NGS-Integrator combines NGS data tracks from experiments that identify genomic regulatory elements and chromatin modifications (e.g. ChIP-Seq, ATAC-Seq, and Bisulfite-Seq), but not RNA-Seq data. A genome-wide NGS track is a vector R = [ri, i] where ri represents a measured value at nucleotide base position i along the length of DNA representing the genome. Usually, but not always, ri represents a discrete value, e.g. the number of sequencing reads that overlap the position. In general, values of ri can range from 0 to infinity. Conceptionally, the value ri gives information about the likelihood of a given feature being present, e.g. binding of a particular transcription factor (TF) from ChIP-Seq data, when considered in the context of the intrinsic background noise, ni, in the signal. To transform the data in terms of probability of a feature, we can use the complement of the minimum Bayes factor,
$$ {\mathrm{p}}_i=1-\exp \left[-\frac{{\mathrm{z}}_i^2}{2}\right], $$
where zi equals ri/ni. With two data tracks k = 1,2, a probability vector that combines information from both can be obtained by calculating the joint probability at each i (Pi) as
$$ {\mathrm{P}}_i={\Pi}_{k=1}^2{p}_k $$
Implementation
Algorithm
Computationally, NGS-Integrator consists of two elements (Fig. 1a). The Calculator element calculates the complement of the minimum Bayes factor (cMBF) at each position i, estimating ni as the median of the ri values across a window of i values straddling the position at which pi is being calculated. This calculation assumes that the features being detected are relatively sparsely represented along the genome, allowing the median to be representative of the true background noise level. The Integrator element calculates the joint probability between the two NGS tracks Pi based on the respective pi vectors. When integrating multiple tracks, sequential dual-input calculations are performed, based on the commutativity of the joint probability operation. Also, it is obvious that the computational time complexity of the algorithms is O(kw) where k is the number of nucleotides in the genome and w is the size of the window. The memory-complexity of the algorithm is a linear function of k.
Input and output
For calculation of genome-wide minimum Bayes’ factors from the read depth, NGS-Integrator requires a bed file containing coverage (number of the sequence reads at each nucleotide) generated from standard tools, such as samtools (depth) and bedtools (coverage, genomecov). The input file should contain 4 fields, chromosome number, start region, end region and coverage value. The output of NGS-Integrator as a BED file contains cMBF values at each nucleotide position across the whole genome. The output BED file can be easily modified to bedGraph or BigWig file format to be visualized on genome browsers. The output of NGS-Integrator could also be used to identify overlapping regions across multiple genome-wide NGS data types (Fig. 1a).
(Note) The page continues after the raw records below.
Lemma card_compositions (A : {set 'I_n}) :
  0 < k -> A != set0 -> #|compositions A| = 'C(k.-1, #|A|.-1).
Proof.
move=> k_gt0 A0; have /set0Pn[x0 Ax0] := A0.
have cardA : #|A| = (#|A|.-1).+1 by rewrite prednK // card_gt0.
have [lt_k | ge_k] := ltnP #|A|.-1 k; first exact: card_set_compositions cardA Ax0 lt_k.
rewrite bin_small; last lia.
apply: eq_card0 => f; rewrite !inE; apply/andP => -[/eqP deg_f /eqP supp_f].
by have := card_fsupp_le_fdeg f; rewrite supp_f deg_f; lia.
Qed.

Lemma compositions0 : 0 < k -> compositions set0 = set0.
Proof.
move=> k_gt0; apply/setP => f; rewrite !inE; apply/andP => -[/eqP deg_f /eqP supp_f].
by have := fdeg_supp f; rewrite supp_f big_set0 deg_f; lia.
Qed.

End Compositions.

Local Open Scope ring_scope.

Section EdgeIdeal.
Variables (K : fieldType) (n : nat) (e : rel 'I_n).
Local Notation I := (@in_edge_ideal K n e).

Lemma in_edge_ideal0 : I 0.
Proof.
exists (fun _ _ => 0); symmetry; apply: big1 => i _; apply: big1 => j _.
by rewrite mul0r if_same.
Qed.

Lemma in_edge_idealD p q : I p -> I q -> I (p + q).
Proof.
move=> [c ->] [d ->]; exists (fun i j => c i j + d i j).
rewrite -big_split; apply: eq_bigr => i _; rewrite -big_split; apply: eq_bigr => j _.
by case: (e i j); rewrite /= ?mulrDl ?addr0.
Qed.

Lemma in_edge_idealMl q p : I p -> I (q * p).
Proof.
move=> [c ->]; exists (fun i j => q * c i j).
rewrite mulr_sumr; apply: eq_bigr => i _; rewrite mulr_sumr; apply: eq_bigr => j _.
by case: (e i j); rewrite ?mulr0 ?mulrA.
Qed.

Lemma in_edge_idealZ a p : I p -> I (a *: p).
Proof. by rewrite -mul_mpolyC; apply: in_edge_idealMl. Qed.

Lemma in_edge_ideal_sum (T : Type) (r : seq T) (P : pred T) (F : T -> {mpoly K[n]}) :
  (forall x, P x -> I (F x)) -> I (\sum_(x <- r | P x) F x).
Proof. by move=> IF; apply: (big_ind I in_edge_ideal0 in_edge_idealD). Qed.

Lemma in_edge_ideal_edge i j q : e i j -> I (q * ('X_i * 'X_j)).
Proof.
move=> eij; exists (fun a b => if (a == i) && (b == j) then q else 0).
rewrite (bigD1 i) //= (bigD1 j) //= !eqxx eij big1 ?addr0; last first.
  by move=> b /negbTE ->; rewrite andbF mul0r if_same.
rewrite big1 ?addr0 // => a /negbTE ->; apply: big1 => b _.
by rewrite mul0r if_same.
Qed.

Lemma mcoeff_edge_ideal p (m : 'X_{1..n}) :
  I p -> (forall i j, e i j -> (m i == 0%N) || (m j == 0%N)) -> p@_m = 0.
Proof.
move=> [c ->] m_indep; rewrite !raddf_sum; apply: big1 => i _.
rewrite raddf_sum; apply: big1 => j _; case: ifP => eij; last exact: mcoeff0.
apply/eqP; apply: contraTT (m_indep i j eij).
rewrite -mcoeff_msupp -mpolyXD (perm_mem (msuppMX _ _)) => /mapP[m' _ ->].
by rewrite !mnmDE !mnm1E !eqxx; lia.
Qed.

Definition mnm_of k (f : {ffun 'I_n -> 'I_k.+1}) : 'X_{1..n} := [multinom f i | i < n].

Lemma mdeg_mnm_of k f : mdeg (@mnm_of k f) = fdeg f.
Proof. by rewrite mdegE; apply: eq_bigr => i _; rewrite mnmE. Qed.

Lemma mnm_of_inj k : injective (@mnm_of k).
Proof.
move=> f g /mnmP eq_fg; apply/ffunP => i; apply: ord_inj.
by have := eq_fg i; rewrite !mnmE.
Qed.

Definition std_exps k :=
  [set f : {ffun 'I_n -> 'I_k.+1} | (fdeg f == k) && indep_set e (fsupp f)].

Lemma std_exps_indep k f : f \in std_exps k ->
  forall i j, e i j -> (@mnm_of k f i == 0%N) || (mnm_of f j == 0%N).
Proof.
rewrite inE => /andP[_ /forall_inP f_indep] i j eij.
rewrite !mnmE !eqn0Ngt -negb_and; apply/andP => -[fi fj].
move/(_ i): f_indep; rewrite inE fi => /(_ isT)/forall_inP/(_ j).
by rewrite inE fj eij => /(_ isT).
Qed.

Lemma std_monomials_indep k :
  exists F : 'I_#|std_exps k| -> {mpoly K[n]}, indep_mod I k F.
Proof.
exists (fun s => 'X_[mnm_of (enum_val s)]); split.
  move=> s; rewrite dhomogX /= mdeg_mnm_of.
  by have := enum_valP s; rewrite inE => /andP[].
move=> c /mcoeff_edge_ideal coef0 s.
have := coef0 _ (std_exps_indep (enum_valP s)).
rewrite raddf_sum (bigD1 s) //= big1 ?addr0 => [|t ts].
  by rewrite mcoeffZ mcoeffX eqxx mulr1.
by rewrite mcoeffZ mcoeffX (inj_eq (@mnm_of_inj k)) (inj_eq enum_val_inj) (negbTE ts) mulr0.
Qed.

Hypothesis e_irrefl : irreflexive e.

Lemma in_edge_idealX (m : 'X_{1..n}) i j :
  e i j -> (0 < m i)%N -> (0 < m j)%N -> I 'X_[m].
Proof.
move=> eij mi mj; have ij : i != j by apply: contraTneq eij => ->; rewrite e_irrefl.
have le_m : (U_(i) + U_(j) <= m)%MM.
  apply/mnm_lepP => l; rewrite mnmDE !mnm1E.
  have [<-|il] := eqVneq i l; first by rewrite eq_sym (negbTE ij).
  by case: eqP => [<-|].
by rewrite -(submK le_m) !mpolyXD; apply: in_edge_ideal_edge.
Qed.

(* A k-form all of whose standard coefficients vanish is a combination of
   non-standard monomials, each divisible by an edge monomial. *)
Lemma in_edge_ideal_of_std_coeffs k g : g \is k.-homog ->
  (forall f, f \in std_exps k -> g@_(mnm_of f) = 0) -> I g.
Proof.
move=> g_homog std0; rewrite (mpolyE g) big_seq.
apply: in_edge_ideal_sum => m m_supp; apply: in_edge_idealZ.
have [[i j] /and3P[eij mi mj] | m_indep] :=
  pickP (fun p : 'I_n * 'I_n => [&& e p.1 p.2, 0 < m p.1 & 0 < m p.2]%N).
  exact: in_edge_idealX eij mi mj.
have deg_m : mdeg m = k by apply: (dhomogP _ _ _ g_homog).
pose f : {ffun 'I_n -> 'I_k.+1} := [ffun i => inord (m i)].
have mnm_f : mnm_of f = m.
  apply/mnmP => i; rewrite mnmE ffunE inordK // ltnS -deg_m mdegE.
  by rewrite (bigD1 i) //= leq_addr.
have f_std : f \in std_exps k.
  rewrite inE -mdeg_mnm_of mnm_f deg_m eqxx /=.
  apply/forall_inP => i fi; apply/forall_inP => j fj; move: fi fj.
  rewrite !inE -!(mnmE (fun i => f i : nat)) -/(mnm_of f) mnm_f => mi mj.
  by apply: contraFN (m_indep (i, j)) => eij; apply/and3P.
by move: m_supp; rewrite mcoeff_msupp -mnm_f std0 ?eqxx.
Qed.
Datasets for integration analyses using NGS-Integrator
Three replicates of ChIP-Seq for the transcription factor ELF1 (unpublished) using an ELF1 antibody (sc-631, Santa Cruz Biotechnology) done in mouse kidney cortical collecting duct cell mpkCCD cells as described previously [6] were used to generate input BED files with genome-wide coverage (10 bp-scale bin). Coverage across the whole genome was estimated by bedtools (coverage) from BAM files. To compare with our ELF1 ChIP-Seq data, public data for ELF1 ChIP-Seq data in erythroleukemia cells (ENCSR033OW) with fold change of signal over control track and its optimal irreproducible discover rate threshold peaks was downloaded from the mouse ENCODE database (https://www.encodeproject.org/).
Four replicates of ATAC-Seq data (GSE108786) were generated in mpkCCD cells as described previously [6]. Datasets of ChIP-Seq data for histone H3K27Ac (GSE95009) and RNA Polymerase II (GSE79584) were used from previous published data [7, 8]. Genome-wide coverage of every 10 bp-scale bin as an input bed file of each replicate was generated by bedtools (coverage) from BAM files.
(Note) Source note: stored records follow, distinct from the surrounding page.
(* Let $A=(a_{i,k})_{0\le i,k\le d-1}\in\mathbb{Z}^{d\times d}$ be a reduced idealizing matrix. Then the number of vectors $\beta\in\mathbb{Z}^d$ such that the $(d+1)\times(d+1)$ matrix $$\tilde A=\begin{pmatrix}A&\beta\\0&1\end{pmatrix}$$ is a reduced idealizing matrix equals $a_{d-1,d-1}^{\,d}$.
   Context: An idealizing matrix is an upper triangular integer matrix $A=(a_{i,k})_{0\le i,k\le d-1}$ with nonzero diagonal entries such that, for each $0\le j\le d-2$, the vector obtained by shifting the $j$-th column down by one, namely $(0,a_{0,j},a_{1,j},\dots,a_{d-2,j})^T$, lies in the $\mathbb{Z}$-span of columns $0,1,\dots,j+1$ of $A$. It is called reduced if its diagonal entries are positive and, in every row $i$, the entries $a_{i,k}$ with $k>i$ satisfy $0\le a_{i,k}\le a_{i,i}-1$. *)

From HB Require Import structures.
From mathcomp Require Import all_boot all_order all_algebra.
Set Implicit Arguments. Unset Strict Implicit. Unset Printing Implicit Defensive.
Import Order.TTheory GRing.Theory Num.Theory.
Local Open Scope ring_scope.

(* Matrices of size d = m.+1 (indices 0..m). *)

Definition shiftcol (m : nat) (A : 'M[int]_m.+1) (j i : 'I_m.+1) : int :=
  if (i : nat) == 0%N then 0 else A (inord i.-1) j.

Definition upper_triangular (m : nat) (A : 'M[int]_m.+1) : Prop :=
  forall i j : 'I_m.+1, (j < i)%N -> A i j = 0.

Definition idealizing (m : nat) (A : 'M[int]_m.+1) : Prop :=
  upper_triangular A /\
  (forall i : 'I_m.+1, A i i != 0) /\
  (forall j : 'I_m.+1, (j < m)%N ->
     exists c : 'I_m.+1 -> int,
       forall i : 'I_m.+1,
         shiftcol A j i = \sum_(k : 'I_m.+1 | (k <= j.+1)%N) c k * A i k).

Definition reduced (m : nat) (A : 'M[int]_m.+1) : Prop :=
  (forall i : 'I_m.+1, 0 < A i i) /\
  (forall i k : 'I_m.+1, (i < k)%N -> 0 <= A i k <= A i i - 1).

Definition reduced_idealizing (m : nat) (A : 'M[int]_m.+1) : Prop :=
  idealizing A /\ reduced A.

Definition ext_mx (n : nat) (A : 'M[int]_n.+1) (beta : 'cV[int]_n.+1)
  : 'M[int]_(n.+1 + 1) :=
  block_mx A beta 0 1%:M.

(* Write a := a_{d-1,d-1} and w for the shifted last column of A.  Adjoining the
   column beta only adds one idealizing condition, for column d-1; its last row
   forces the coefficient of the new column to be a, so the condition becomes
   a * beta - w \in A Z^d, while reducedness asks 0 <= beta_i < a_{i,i}.
   The idealizing relations show that a_{j,j} divides every entry of the columns
   0..j, so a divides all of A and w.  Solving A c = a * beta - w by back
   substitution, row i is solvable iff a_{i,i} divides a * beta_i minus terms
   that are multiples of a; as a divides a_{i,i}, exactly a of the values
   beta_i in [0, a_{i,i}) qualify, whence a^d vectors beta. *)

From HB Require Import structures.
From mathcomp Require Import all_boot all_order all_algebra.
Import Order.TTheory GRing.Theory Num.Theory.
Set Implicit Arguments.
Unset Strict Implicit.
Unset Printing Implicit Defensive.
Local Open Scope ring_scope.

Lemma count_modn_iota (q r k : nat) : (r < q)%N ->
  count (fun x => x %% q == r)%N (iota 0 (q * k)) = k.
Proof.
move=> rq; elim: k => [|k IH]; first by rewrite muln0.
rewrite mulnSr iotaD count_cat IH add0n.
have -> : iota (q * k) q = [seq (q * k + i)%N | i <- iota 0 q].
  by rewrite -iotaDl addn0.
rewrite count_map.
have -> : count (preim (addn (q * k)) (fun x : nat => x %% q == r)%N) (iota 0 q)
        = count (pred1 r) (iota 0 q).
  apply: eq_in_count => x; rewrite mem_iota add0n => /andP[_ xq] /=.
  by rewrite mulnC modnMDl modn_small.
by rewrite count_uniq_mem ?iota_uniq // mem_iota add0n rq addn1.
Qed.

(* Writing D = a * q and K = a * K', the condition says x = K' mod q, and
   [0, |D|) consists of |a| periods of length q. *)
Lemma count_dvdz_affine (a D K : int) : 0 < a -> 0 < D -> (a %| D)%Z -> (a %| K)%Z ->
  count (fun x : nat => (D %| a * x%:Z - K)%Z) (iota 0 `|D|%N) = `|a|%N.
Proof.
move=> a0 D0 aD aK.
have [q Dq] : exists q, D = a * q%:Z.
  exists `|(D %/ a)%Z|%N.
  by rewrite gez0_abs ?divz_ge0 ?ltW // mulrC divzK.
have [K' KK] : exists K', K = a * K' by exists (K %/ a)%Z; rewrite mulrC divzK.
have q0 : (0 < q)%N by move: D0; rewrite Dq pmulr_rgt0 // ltz_nat.
have qn0 : q%:Z != 0 by rewrite eqz_nat -lt0n.
pose r := `|(K' %% q%:Z)%Z|%N.
have rq : (r < q)%N.
  rewrite -ltz_nat /r gez0_abs ?modz_ge0 //.
  by rewrite -[X in _ < X]gez0_abs ?ltz_pmod // ltW // ltz_nat.
have -> : `|D|%N = (q * `|a|)%N by rewrite Dq abszM /= mulnC.
rewrite -[RHS](count_modn_iota _ rq); apply: eq_count => x /=.
rewrite Dq KK -mulrBr dvdz_mul2l ?(gt_eqF a0) //.
rewrite -eqz_mod_dvd modz_nat /r -eqz_nat gez0_abs ?modz_ge0 //.
Qed.

Fixpoint box (ds : seq nat) : seq (seq int) :=
  if ds is d :: ds' then [seq (x%:Z) :: l | l <- box ds', x <- iota 0 d]
  else [:: [::]].

Lemma mem_box ds l : l \in box ds <->
  size l = size ds /\ forall i, (i < size ds)%N -> 0 <= l`_i < (nth 0%N ds i)%:Z.
Proof.
elim: ds l => [|d ds IH] l /=.
  rewrite inE; split; first by move/eqP->.
  by case=> /size0nil ->.
split.
  case/allpairsP=> [[l' x]] /= [/IH [sz H] xi ->]; split; first by rewrite /= sz.
  move=> [|i] /=; last by rewrite ltnS; apply: H.
  by move: xi; rewrite mem_iota add0n ltz_nat /=.
case: l => [|y l'] [//= sz H].
apply/allpairsP; exists (l', `|y|%N) => /=.
have y0 : 0 <= y by have /andP[] := H 0%N isT.
split; last by rewrite gez0_abs.
  by apply/IH; split; [case: sz | move=> i ilt; apply: (H i.+1)].
rewrite mem_iota add0n -ltz_nat gez0_abs //.
by have /andP[] := H 0%N isT.
Qed.

Lemma box_uniq ds : uniq (box ds).
Proof.
elim: ds => [|d ds IH] //=.
apply: allpairs_uniq => //; first exact: iota_uniq.
by move=> [l1 x1] [l2 x2] _ _ /= [-> ->].
Qed.

Lemma sumn_count_mul (T : Type) (P : pred T) (k : nat) (s : seq T) :
  sumn [seq (P x * k)%N | x <- s] = (count P s * k)%N.
Proof. by elim: s => //= x s ->; rewrite mulnDl. Qed.

Section BackSubstitution.
Variables (M : nat -> nat -> int) (w : nat -> int) (a : int) (N : nat).

(* [back_subst r l] solves rows [r], ..., [N - 1] of the upper triangular system
   [\sum_(i <= k < N) M i k * c k = a * l`_(i - r) - w i] from the bottom up; it
   fails as soon as a pivot [M i i] does not divide the remaining right-hand side. *)
Fixpoint back_subst (r : nat) (l : seq int) : option (seq int) :=
  match l with
  | [::] => Some [::]
  | x :: l' =>
    match back_subst r.+1 l' with
    | None => None
    | Some cs =>
      let t := a * x - w r - \sum_(r.+1 <= k < N) M r k * cs`_(k - r.+1) in
      if (M r r %| t)%Z then Some ((t %/ M r r)%Z :: cs) else None
    end
  end.

Lemma count_back_subst m r : 0 < a -> (forall i k, (a %| M i k)%Z) ->
  (forall i, (a %| w i)%Z) -> (forall i, (r <= i)%N -> 0 < M i i) ->
  count (fun l => back_subst r l != None)
    (box [seq `|M i i|%N | i <- iota r m]) = (`|a| ^ m)%N.
Proof.
move=> a0 aM aw Mpos; elim: m r Mpos => [|m IH] r Mpos //=.
rewrite count_flatten -map_comp.
rewrite (eq_map (g := fun l => ((back_subst r.+1 l != None) * `|a|)%N)); last first.
  move=> l; rewrite /comp count_map.
  case E: (back_subst r.+1 l) => [cs|]; last first.
    rewrite mul0n (@eq_count _ _ pred0) ?count_pred0 //.
    by move=> x; rewrite /preim /= E.
  have hK : (a %| w r + \sum_(r.+1 <= k < N) M r k * cs`_(k - r.+1))%Z.
    by rewrite rpredD // rpred_sum // => k _; apply: dvdz_mulr.
  rewrite mul1n -(count_dvdz_affine a0 (Mpos r (leqnn r)) (aM r r) hK).
  apply: eq_count => x; rewrite /preim /= E opprD addrA.
  by case: ifP.
rewrite sumn_count_mul IH ?expnS 1?mulnC // => i ri; apply: Mpos; exact: ltnW.
Qed.

Lemma back_subst_complete r l (c : nat -> int) : (r + size l = N)%N ->
  (forall i, (r <= i < N)%N -> M i i != 0) ->
  (forall i, (r <= i < N)%N ->
     \sum_(i <= k < N) M i k * c k = a * l`_(i - r) - w i) ->
  back_subst r l = Some [seq c k | k <- iota r (size l)].
Proof.
elim: l r => [|x l IH] r //= rN Mnz Hc.
rewrite (IH r.+1); first last.
- move=> i /andP[ri iN]; rewrite Hc ?(ltnW ri) ?iN //.
  by rewrite -(subnSK ri).
- by move=> i /andP[ri iN]; apply: Mnz; rewrite iN (ltnW ri).
- by rewrite addSnnS.
have rN' : (r < N)%N by rewrite -rN addnS ltnS leq_addr.
have -> : \sum_(r.+1 <= k < N) M r k * [seq c k | k <- iota r.+1 (size l)]`_(k - r.+1)
        = \sum_(r.+1 <= k < N) M r k * c k.
  apply: eq_big_nat => k /andP[rk kN].
  rewrite (nth_map 0%N); last by rewrite size_iota -(ltn_add2l r.+1) subnKC // addSnnS rN.
  by rewrite nth_iota ?subnKC // -(ltn_add2l r.+1) subnKC // addSnnS rN.
have := Hc r; rewrite leqnn rN' subnn /= => /(_ isT).
rewrite big_ltn // => Hr.
have -> : a * x - w r - \sum_(r.+1 <= k < N) M r k * c k = M r r * c r.
  by rewrite -Hr addrK.
by rewrite dvdz_mulr ?dvdzz // mulKz // Mnz // leqnn rN'.
Qed.

Lemma back_subst_sound r l cs : (r + size l = N)%N ->
  back_subst r l = Some cs ->
  size cs = size l /\ forall i, (r <= i < N)%N ->
     \sum_(i <= k < N) M i k * cs`_(k - r) = a * l`_(i - r) - w i.
Proof.
elim: l r cs => [|x l IH] r cs /= rN.
  case=> <-; split=> // i /andP[ri iN].
  by move: iN; rewrite -rN addn0 ltnNge ri.
case E: (back_subst r.+1 l) => [cs'|] //; case: ifP => // dv [<-].
have rN1 : (r.+1 + size l = N)%N by rewrite addSnnS.
have [sz Hs] := IH _ _ rN1 E.
split; first by rewrite /= sz.
move=> i /andP[ri iN].
set q := (_ %/ _)%Z.
have shift : forall j, (r < j)%N -> (cs'`_(j - r.+1)) = ((q :: cs')`_(j - r)).
  by move=> j rj; rewrite -(subnSK rj).
case: (ltngtP r i) ri => // [ri|ri] _.
  rewrite -(subnSK ri) /= -(Hs i); last by rewrite ri.
  apply: eq_big_nat => k /andP[ik _]; rewrite -shift //.
  exact: leq_trans ri ik.
subst i; rewrite big_ltn // subnn /= /q mulrC divzK //.
have -> : \sum_(r.+1 <= k < N) M r k * (q :: cs')`_(k - r)
        = \sum_(r.+1 <= k < N) M r k * cs'`_(k - r.+1).
  by apply: eq_big_nat => k /andP[rk _]; rewrite -shift.
by rewrite subrK.
Qed.

End BackSubstitution.

Section IdealizingDivisibility.
Variables (n : nat) (A : 'M[int]_n.+1).
Hypothesis IA : idealizing A.

Lemma idealizing_diag_dvdz_succ (J K : 'I_n.+1) : K = J.+1 :> nat ->
  (forall k i : 'I_n.+1, (k <= J)%N -> (A J J %| A i k)%Z) ->
  forall k i : 'I_n.+1, (k <= K)%N -> (A K K %| A i k)%Z.
Proof.
have [UT [Dnz Hid]] := IA; move=> KE IH.
have [|c Hc] := Hid J; first by rewrite -ltnS -KE.
have colJ i : shiftcol A J i = c K * A i K + \sum_(k : 'I_n.+1 | (k <= J)%N) c k * A i k.
  rewrite Hc (bigD1 K) /=; last by rewrite KE.
  congr (_ + _); apply: eq_bigl => k.
  have -> : (k != K) = (val k != J.+1) by rewrite -KE.
  by rewrite andbC -ltn_neqAle.
have AJJ : A J J = c K * A K K.
  have := colJ K; rewrite big1 => [|k kJ]; last by rewrite UT ?mulr0 // KE ltnS.
  rewrite addr0 /shiftcol KE /= => <-; congr (A _ J); apply/val_inj.
  by rewrite /= inordK // (leq_trans (leqnSn _)) // -KE.
have cK : c K != 0 by apply: contra (Dnz J) => /eqP c0; rewrite AJJ c0 mul0r.
have dvdK i : (A K K %| A i K)%Z.
  rewrite -(dvdz_mul2l cK) -AJJ.
  have -> : c K * A i K = shiftcol A J i - \sum_(k : 'I_n.+1 | (k <= J)%N) c k * A i k.
    by rewrite colJ addrK.
  apply: rpredB; last by apply: rpred_sum => k kJ; apply/dvdz_mull/IH.
  by rewrite /shiftcol; case: ifP => _; [exact: dvdz0 | exact: IH].
move=> k i; rewrite leq_eqVlt => /orP[/eqP kK | ].
  by have -> : k = K by apply: val_inj.
rewrite KE ltnS => kJ; apply: (@dvdz_trans (A J J)); last exact: IH.
by rewrite AJJ dvdz_mull.
Qed.

Lemma idealizing_diag_dvdz (j k i : 'I_n.+1) : (k <= j)%N -> (A j j %| A i k)%Z.
Proof.
have [UT _] := IA; move: k i; case: j => j; elim: j => [|j IHj] jn k i /=.
  rewrite leqn0 => /eqP k0; have -> : k = Ordinal jn by apply: val_inj.
  have [-> | i0] := eqVneq i (Ordinal jn); first exact: dvdzz.
  by rewrite UT ?dvdz0 // lt0n; apply: contraNN i0 => /eqP i0; apply/eqP/val_inj.
exact: (idealizing_diag_dvdz_succ (J := Ordinal (ltnW jn)) (K := Ordinal jn) erefl (IHj _)).
Qed.

End IdealizingDivisibility.

Definition in_col_span n (A : 'M[int]_n.+1) (v : 'I_n.+1 -> int) : Prop :=
  exists c : 'I_n.+1 -> int, forall i, \sum_k A i k * c k = v i.

(* The idealizing condition of [ext_mx A b] at column d-1, with the coefficient
   of the new column already forced to be a_{d-1,d-1}. *)
Definition last_col_cond n (A : 'M[int]_n.+1) (b : 'cV[int]_n.+1) : Prop :=
  in_col_span A (fun i => A ord_max ord_max * b i 0 - shiftcol A ord_max i).

Section ExtendedMatrix.
Variables (n : nat) (A : 'M[int]_n.+1) (b : 'cV[int]_n.+1).

Local Notation E := (ext_mx A b).
Local Notation lsh := (@lshift n.+1 1).
Local Notation last := (@rshift n.+1 1 0).

Lemma ext_mxEul i k : E (lsh i) (lsh k) = A i k.
Proof. exact: block_mxEul. Qed.

Lemma ext_mxEur i : E (lsh i) last = b i 0.
Proof. by rewrite [LHS]block_mxEur. Qed.

Lemma ext_mxEdl k : E last (lsh k) = 0.
Proof. by rewrite [LHS]block_mxEdl mxE. Qed.

Lemma ext_mxEdr : E last last = 1.
Proof. by rewrite [LHS]block_mxEdr mxE. Qed.

Lemma inord_lshift (k : nat) : (k < n.+1)%N ->
  (inord k : 'I_(n.+1 + 1)) = lsh (inord k).
Proof.
by move=> kn; apply: val_inj; rewrite /= !inordK //; exact: (ltn_addr 1 kn).
Qed.

Lemma shiftcol_ext_mx_lshift j i : shiftcol E (lsh j) (lsh i) = shiftcol A j i.
Proof.
rewrite /shiftcol /=; case: ifP => // i0.
by rewrite inord_lshift ?ext_mxEul // (leq_ltn_trans (leq_pred _)).
Qed.

Lemma shiftcol_ext_mx_last j : shiftcol E (lsh j) last = A ord_max j.
Proof.
rewrite /shiftcol /= addn0 inord_lshift // ext_mxEul.
by congr (A _ j); apply/val_inj; rewrite /= inordK.
Qed.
Multiple ChIP-Seq datasets (GSE29218) published as part of the mouse ENCODE project were used to examine integration of multiple types of ChIP-Seq data. The ChIP-Seq datasets for P300 (GSM723018), RNA Polymerase II (GSM723019) and H3K27Ac (GSM851278) were generated in Bruce4 mouse embryonic stem cells (mESCs) by Dr. Bing Ren’s laboratory [9]. Two replicates from each ChIP-Seq dataset were used for integration using NGS-Integrator.